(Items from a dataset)
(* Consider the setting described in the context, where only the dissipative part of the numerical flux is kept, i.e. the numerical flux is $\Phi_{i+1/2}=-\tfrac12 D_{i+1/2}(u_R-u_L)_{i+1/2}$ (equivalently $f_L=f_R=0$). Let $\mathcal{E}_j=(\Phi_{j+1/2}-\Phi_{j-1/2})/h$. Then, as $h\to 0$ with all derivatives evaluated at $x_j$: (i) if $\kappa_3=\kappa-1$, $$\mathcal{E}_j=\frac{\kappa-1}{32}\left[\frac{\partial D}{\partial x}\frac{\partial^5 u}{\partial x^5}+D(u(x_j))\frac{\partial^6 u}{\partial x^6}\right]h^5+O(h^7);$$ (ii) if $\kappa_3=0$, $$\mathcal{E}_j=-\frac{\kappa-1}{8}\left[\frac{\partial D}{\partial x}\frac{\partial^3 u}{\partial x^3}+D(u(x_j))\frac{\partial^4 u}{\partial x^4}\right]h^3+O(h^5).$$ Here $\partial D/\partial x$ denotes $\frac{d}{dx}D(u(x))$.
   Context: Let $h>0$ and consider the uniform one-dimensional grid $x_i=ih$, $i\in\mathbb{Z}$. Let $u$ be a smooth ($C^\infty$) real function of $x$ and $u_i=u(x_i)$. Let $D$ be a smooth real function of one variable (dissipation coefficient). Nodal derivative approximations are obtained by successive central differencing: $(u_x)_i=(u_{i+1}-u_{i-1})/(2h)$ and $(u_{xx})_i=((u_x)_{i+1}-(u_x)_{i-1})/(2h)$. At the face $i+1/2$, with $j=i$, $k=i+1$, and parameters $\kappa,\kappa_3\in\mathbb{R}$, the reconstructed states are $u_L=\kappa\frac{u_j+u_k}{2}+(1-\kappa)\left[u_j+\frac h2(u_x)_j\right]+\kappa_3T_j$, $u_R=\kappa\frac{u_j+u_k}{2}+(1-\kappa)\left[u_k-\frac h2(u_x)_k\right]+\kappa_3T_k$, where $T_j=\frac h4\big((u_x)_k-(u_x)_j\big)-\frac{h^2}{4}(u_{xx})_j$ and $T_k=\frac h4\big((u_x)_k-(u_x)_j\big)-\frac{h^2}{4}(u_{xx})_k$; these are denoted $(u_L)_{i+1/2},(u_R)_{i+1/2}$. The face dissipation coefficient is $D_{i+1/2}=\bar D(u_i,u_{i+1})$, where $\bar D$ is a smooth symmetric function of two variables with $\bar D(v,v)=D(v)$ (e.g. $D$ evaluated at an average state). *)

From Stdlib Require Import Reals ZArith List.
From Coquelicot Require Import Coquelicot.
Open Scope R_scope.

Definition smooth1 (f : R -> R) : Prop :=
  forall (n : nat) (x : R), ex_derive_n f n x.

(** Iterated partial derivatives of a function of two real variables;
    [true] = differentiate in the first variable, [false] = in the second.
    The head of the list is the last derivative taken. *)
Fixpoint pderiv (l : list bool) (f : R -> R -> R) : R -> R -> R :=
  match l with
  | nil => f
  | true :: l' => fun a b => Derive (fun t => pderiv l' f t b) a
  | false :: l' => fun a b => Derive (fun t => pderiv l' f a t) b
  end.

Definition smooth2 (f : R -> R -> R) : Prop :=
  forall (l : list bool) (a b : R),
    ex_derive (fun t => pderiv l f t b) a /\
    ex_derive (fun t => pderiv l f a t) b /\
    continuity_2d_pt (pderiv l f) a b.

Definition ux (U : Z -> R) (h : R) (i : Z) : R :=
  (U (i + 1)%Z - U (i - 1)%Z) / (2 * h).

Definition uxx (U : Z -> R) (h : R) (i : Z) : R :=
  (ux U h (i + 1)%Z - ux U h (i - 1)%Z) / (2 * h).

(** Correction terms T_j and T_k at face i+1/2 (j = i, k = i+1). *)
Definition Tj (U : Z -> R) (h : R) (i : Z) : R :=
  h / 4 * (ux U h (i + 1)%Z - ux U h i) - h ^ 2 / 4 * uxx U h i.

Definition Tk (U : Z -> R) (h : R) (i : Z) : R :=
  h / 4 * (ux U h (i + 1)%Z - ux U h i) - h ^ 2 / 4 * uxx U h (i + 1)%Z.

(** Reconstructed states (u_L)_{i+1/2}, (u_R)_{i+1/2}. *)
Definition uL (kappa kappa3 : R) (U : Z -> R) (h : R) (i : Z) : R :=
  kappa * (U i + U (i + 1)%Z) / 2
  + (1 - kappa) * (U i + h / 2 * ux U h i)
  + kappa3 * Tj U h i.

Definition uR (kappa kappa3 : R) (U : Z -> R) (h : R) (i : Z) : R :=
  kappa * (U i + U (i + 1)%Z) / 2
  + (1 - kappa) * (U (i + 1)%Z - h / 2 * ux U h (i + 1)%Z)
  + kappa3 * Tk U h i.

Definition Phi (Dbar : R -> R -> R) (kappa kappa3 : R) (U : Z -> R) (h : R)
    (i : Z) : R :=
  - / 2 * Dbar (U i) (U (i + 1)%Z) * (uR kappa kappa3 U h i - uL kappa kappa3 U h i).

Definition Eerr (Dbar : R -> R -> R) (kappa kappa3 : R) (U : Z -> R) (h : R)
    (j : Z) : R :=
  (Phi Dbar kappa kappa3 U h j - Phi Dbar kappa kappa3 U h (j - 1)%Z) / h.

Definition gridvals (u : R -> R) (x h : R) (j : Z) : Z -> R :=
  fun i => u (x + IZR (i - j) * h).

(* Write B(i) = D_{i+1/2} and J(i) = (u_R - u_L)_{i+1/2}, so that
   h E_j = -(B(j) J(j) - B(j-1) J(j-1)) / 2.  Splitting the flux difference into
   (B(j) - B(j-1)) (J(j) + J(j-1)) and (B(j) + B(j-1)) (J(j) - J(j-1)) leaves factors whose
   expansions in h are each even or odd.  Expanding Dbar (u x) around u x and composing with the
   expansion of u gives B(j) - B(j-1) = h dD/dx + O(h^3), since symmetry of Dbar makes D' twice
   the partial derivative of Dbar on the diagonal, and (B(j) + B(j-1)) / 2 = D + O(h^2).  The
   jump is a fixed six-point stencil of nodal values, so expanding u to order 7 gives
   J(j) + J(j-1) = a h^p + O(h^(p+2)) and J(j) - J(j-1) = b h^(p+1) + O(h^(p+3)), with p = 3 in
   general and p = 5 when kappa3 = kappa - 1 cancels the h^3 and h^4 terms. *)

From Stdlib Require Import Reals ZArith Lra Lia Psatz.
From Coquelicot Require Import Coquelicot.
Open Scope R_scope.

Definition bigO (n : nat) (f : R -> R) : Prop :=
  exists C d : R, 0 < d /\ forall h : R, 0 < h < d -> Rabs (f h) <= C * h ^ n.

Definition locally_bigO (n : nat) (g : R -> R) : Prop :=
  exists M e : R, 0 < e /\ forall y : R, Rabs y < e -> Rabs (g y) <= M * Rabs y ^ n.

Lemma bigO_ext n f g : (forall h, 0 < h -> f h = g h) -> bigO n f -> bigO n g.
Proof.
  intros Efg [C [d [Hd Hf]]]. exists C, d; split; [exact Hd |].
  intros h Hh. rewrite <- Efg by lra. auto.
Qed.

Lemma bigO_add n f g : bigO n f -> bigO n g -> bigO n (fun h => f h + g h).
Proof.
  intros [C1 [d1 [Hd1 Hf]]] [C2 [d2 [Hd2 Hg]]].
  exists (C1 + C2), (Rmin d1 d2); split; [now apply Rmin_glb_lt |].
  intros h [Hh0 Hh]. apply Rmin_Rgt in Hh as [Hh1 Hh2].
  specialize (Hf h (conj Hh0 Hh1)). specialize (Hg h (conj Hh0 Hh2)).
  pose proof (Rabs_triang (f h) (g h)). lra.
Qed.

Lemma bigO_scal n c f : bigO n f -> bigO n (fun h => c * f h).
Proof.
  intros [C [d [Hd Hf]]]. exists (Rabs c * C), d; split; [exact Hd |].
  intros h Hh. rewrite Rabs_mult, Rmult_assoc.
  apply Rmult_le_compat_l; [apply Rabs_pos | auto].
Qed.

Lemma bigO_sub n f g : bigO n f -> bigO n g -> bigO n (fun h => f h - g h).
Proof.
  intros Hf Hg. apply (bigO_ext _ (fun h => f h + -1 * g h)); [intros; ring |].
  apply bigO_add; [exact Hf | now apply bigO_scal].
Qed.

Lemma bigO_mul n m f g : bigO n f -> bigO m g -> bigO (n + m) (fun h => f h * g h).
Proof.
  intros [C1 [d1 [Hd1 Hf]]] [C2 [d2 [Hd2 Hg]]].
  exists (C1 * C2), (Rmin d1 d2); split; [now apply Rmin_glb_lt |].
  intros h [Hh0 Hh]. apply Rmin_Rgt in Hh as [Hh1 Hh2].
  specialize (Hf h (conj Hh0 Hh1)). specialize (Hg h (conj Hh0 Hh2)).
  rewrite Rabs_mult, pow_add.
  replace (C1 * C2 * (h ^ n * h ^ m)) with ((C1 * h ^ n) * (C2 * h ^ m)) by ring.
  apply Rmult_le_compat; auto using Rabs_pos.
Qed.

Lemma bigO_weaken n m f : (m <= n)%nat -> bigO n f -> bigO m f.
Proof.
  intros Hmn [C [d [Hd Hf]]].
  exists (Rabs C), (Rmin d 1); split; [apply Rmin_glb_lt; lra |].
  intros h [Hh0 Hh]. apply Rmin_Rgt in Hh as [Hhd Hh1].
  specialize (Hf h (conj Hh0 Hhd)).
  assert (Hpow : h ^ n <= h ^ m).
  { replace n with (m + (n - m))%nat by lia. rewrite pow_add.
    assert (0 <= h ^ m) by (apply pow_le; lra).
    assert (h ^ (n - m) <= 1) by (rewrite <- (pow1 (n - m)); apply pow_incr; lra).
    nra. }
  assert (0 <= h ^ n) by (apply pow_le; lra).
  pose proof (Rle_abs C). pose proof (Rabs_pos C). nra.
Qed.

§ **AIM OF THE TASK**
Using only the entries above, output the line with "continuity_2d_pt (pderiv l f) a b.", the line with "jump is a fixed", and all lines between them, exactly as they stand.

§ **SOLUTION TO THE PROBLEM**
    continuity_2d_pt (pderiv l f) a b.

Definition ux (U : Z -> R) (h : R) (i : Z) : R :=
  (U (i + 1)%Z - U (i - 1)%Z) / (2 * h).

Definition uxx (U : Z -> R) (h : R) (i : Z) : R :=
  (ux U h (i + 1)%Z - ux U h (i - 1)%Z) / (2 * h).

(** Correction terms T_j and T_k at face i+1/2 (j = i, k = i+1). *)
Definition Tj (U : Z -> R) (h : R) (i : Z) : R :=
  h / 4 * (ux U h (i + 1)%Z - ux U h i) - h ^ 2 / 4 * uxx U h i.

Definition Tk (U : Z -> R) (h : R) (i : Z) : R :=
  h / 4 * (ux U h (i + 1)%Z - ux U h i) - h ^ 2 / 4 * uxx U h (i + 1)%Z.

(** Reconstructed states (u_L)_{i+1/2}, (u_R)_{i+1/2}. *)
Definition uL (kappa kappa3 : R) (U : Z -> R) (h : R) (i : Z) : R :=
  kappa * (U i + U (i + 1)%Z) / 2
  + (1 - kappa) * (U i + h / 2 * ux U h i)
  + kappa3 * Tj U h i.

Definition uR (kappa kappa3 : R) (U : Z -> R) (h : R) (i : Z) : R :=
  kappa * (U i + U (i + 1)%Z) / 2
  + (1 - kappa) * (U (i + 1)%Z - h / 2 * ux U h (i + 1)%Z)
  + kappa3 * Tk U h i.

Definition Phi (Dbar : R -> R -> R) (kappa kappa3 : R) (U : Z -> R) (h : R)
    (i : Z) : R :=
  - / 2 * Dbar (U i) (U (i + 1)%Z) * (uR kappa kappa3 U h i - uL kappa kappa3 U h i).

Definition Eerr (Dbar : R -> R -> R) (kappa kappa3 : R) (U : Z -> R) (h : R)
    (j : Z) : R :=
  (Phi Dbar kappa kappa3 U h j - Phi Dbar kappa kappa3 U h (j - 1)%Z) / h.

Definition gridvals (u : R -> R) (x h : R) (j : Z) : Z -> R :=
  fun i => u (x + IZR (i - j) * h).

(* Write B(i) = D_{i+1/2} and J(i) = (u_R - u_L)_{i+1/2}, so that
   h E_j = -(B(j) J(j) - B(j-1) J(j-1)) / 2.  Splitting the flux difference into
   (B(j) - B(j-1)) (J(j) + J(j-1)) and (B(j) + B(j-1)) (J(j) - J(j-1)) leaves factors whose
   expansions in h are each even or odd.  Expanding Dbar (u x) around u x and composing with the
   expansion of u gives B(j) - B(j-1) = h dD/dx + O(h^3), since symmetry of Dbar makes D' twice
   the partial derivative of Dbar on the diagonal, and (B(j) + B(j-1)) / 2 = D + O(h^2).  The
   jump is a fixed six-point stencil of nodal values, so expanding u to order 7 gives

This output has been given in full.